Nem palmeiras nem areia. O mergulho é na água gelada na frente de pinguins. Horizonte fora de alcance, a Antártida tornou-se um playground para turistas, correndo o risco de precipitar sua metamorfose.

Aproveitando a sede de novidades de uma clientela abastada e com um sentimento de urgência de descobrir países ameaçados pela perturbação climática, os cruzeiros se aventuram em cantos cada vez mais remotos e selvagens.

Continente de superlativos —o mais frio, mais ventoso, mais seco, mais remoto, mais deserto, mais inóspito—, a Antártida, ao mesmo tempo estéril e borbulhante de vida, é hoje um destino privilegiado.

Para muitos, é a última fronteira, que deve ser alcançada a todo custo antes que desapareça na sua forma atual.

“É como uma facada”, diz o norueguês Even Carlsen, 58, ao sair da água a 3°C na ilha Half Moon, na ponta da península Antártica. Na costa, uma equipe médica assiste à cena.

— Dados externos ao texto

Lemma fps_exp_egf (t f : nat -> nat) : t 0%N = 0%N -> f 0%N = 1%N ->
  (forall n, f n.+1 = \sum_(k < n.+1) 'C(n, k) * t k.+1 * f (n - k))%N ->
  forall n, fps_exp (egf t) n = egf f n.
Proof.
move=> t0 f0 fS; have T0 : egf t 0%N = 0 by rewrite /egf t0 mul0r.
elim/ltn_ind => -[|n] IH.
  by rewrite /fps_exp big_ord1 /egf f0 /= /fps_one !divr1.
have conv : fps_mul (fps_deriv (egf t)) (fps_exp (egf t)) n = (f n.+1)%:R / (n`!)%:R.
  rewrite fS natr_sum mulr_suml; apply: eq_bigr => -[i lt_in] _ /=.
  rewrite fps_deriv_egf IH /egf; last by lia.
  rewrite -[in RHS](bin_fact (_ : i <= n)%N) // !natrM.
  by field; rewrite !natr_fact_neq0 pnatr_eq0 -lt0n bin_gt0 -ltnS.
apply: (@mulfI _ (n.+1)%:R); first by rewrite pnatr_eq0.
rewrite -[_ * _]/(fps_deriv (fps_exp (egf t)) n) fps_deriv_exp // conv /egf factS natrM.
by field; rewrite natr_fact_neq0 nat1r pnatr_eq0.
Qed.

Lemma egf_ode_of_recurrences (t f : nat -> nat) : t 0%N = 0%N -> f 0%N = 1%N ->
  (forall n, t n.+1 = t n + f n)%N ->
  (forall n, f n.+1 = \sum_(k < n.+1) 'C(n, k) * t k.+1 * f (n - k))%N ->
  let T := egf t in
  T 0%N = 0 /\ (forall n : nat, fps_deriv T n = T n + fps_exp T n).
Proof.
move=> t0 f0 tS fS T; split; first by rewrite /T /egf t0 mul0r.
by move=> n; rewrite fps_deriv_egf (fps_exp_egf t0 f0 fS) /T /egf tS natrD mulrDl.
Qed.

Theorem proposition5p12 :
  let T := egf (tcount S5p12) in
  T 0%N = 0 /\ (forall n : nat, fps_deriv T n = T n + fps_exp T n).
Proof.
have tE n : tcount S5p12 n = tree_count n by exact: tcount_ntrees.
apply: (egf_ode_of_recurrences (f := forest_count)).
- by rewrite tE tree_count0.
- exact: forest_count0.
- by move=> n; rewrite !tE tree_countS.
- by move=> n; rewrite forest_countS; apply: eq_bigr => k _; rewrite tE.
Qed.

Turistas fotografam pinguim nas Ilhas Shetland do Sul, na Antártida
Turistas fotografam pinguim nas Ilhas Shetland do Sul, na Antártida - Johan Ordonez - 8.nov.2019/AFP

Carlsen é um dos 430 passageiros do Roald Amundsen, da empresa Hurtigruten, o primeiro navio de cruzeiro com motor híbrido do mundo a atravessar o oceano Antártico.

Se o Tratado da Antártica, assinado há 60 anos, transformou o continente em uma terra dedicada à paz e à ciência, o turismo também se desenvolveu, com um claro impulso nos últimos anos. A única atividade econômica, ao lado da pesca, se concentra principalmente na península, de acesso mais fácil e clima mais ameno do que o resto do território.

“Pureza, grandeza, desmesura”, diz a aposentada francesa Hélène Brunet, 63. “É incrível, totalmente incrível. É um enorme prazer estar aqui.”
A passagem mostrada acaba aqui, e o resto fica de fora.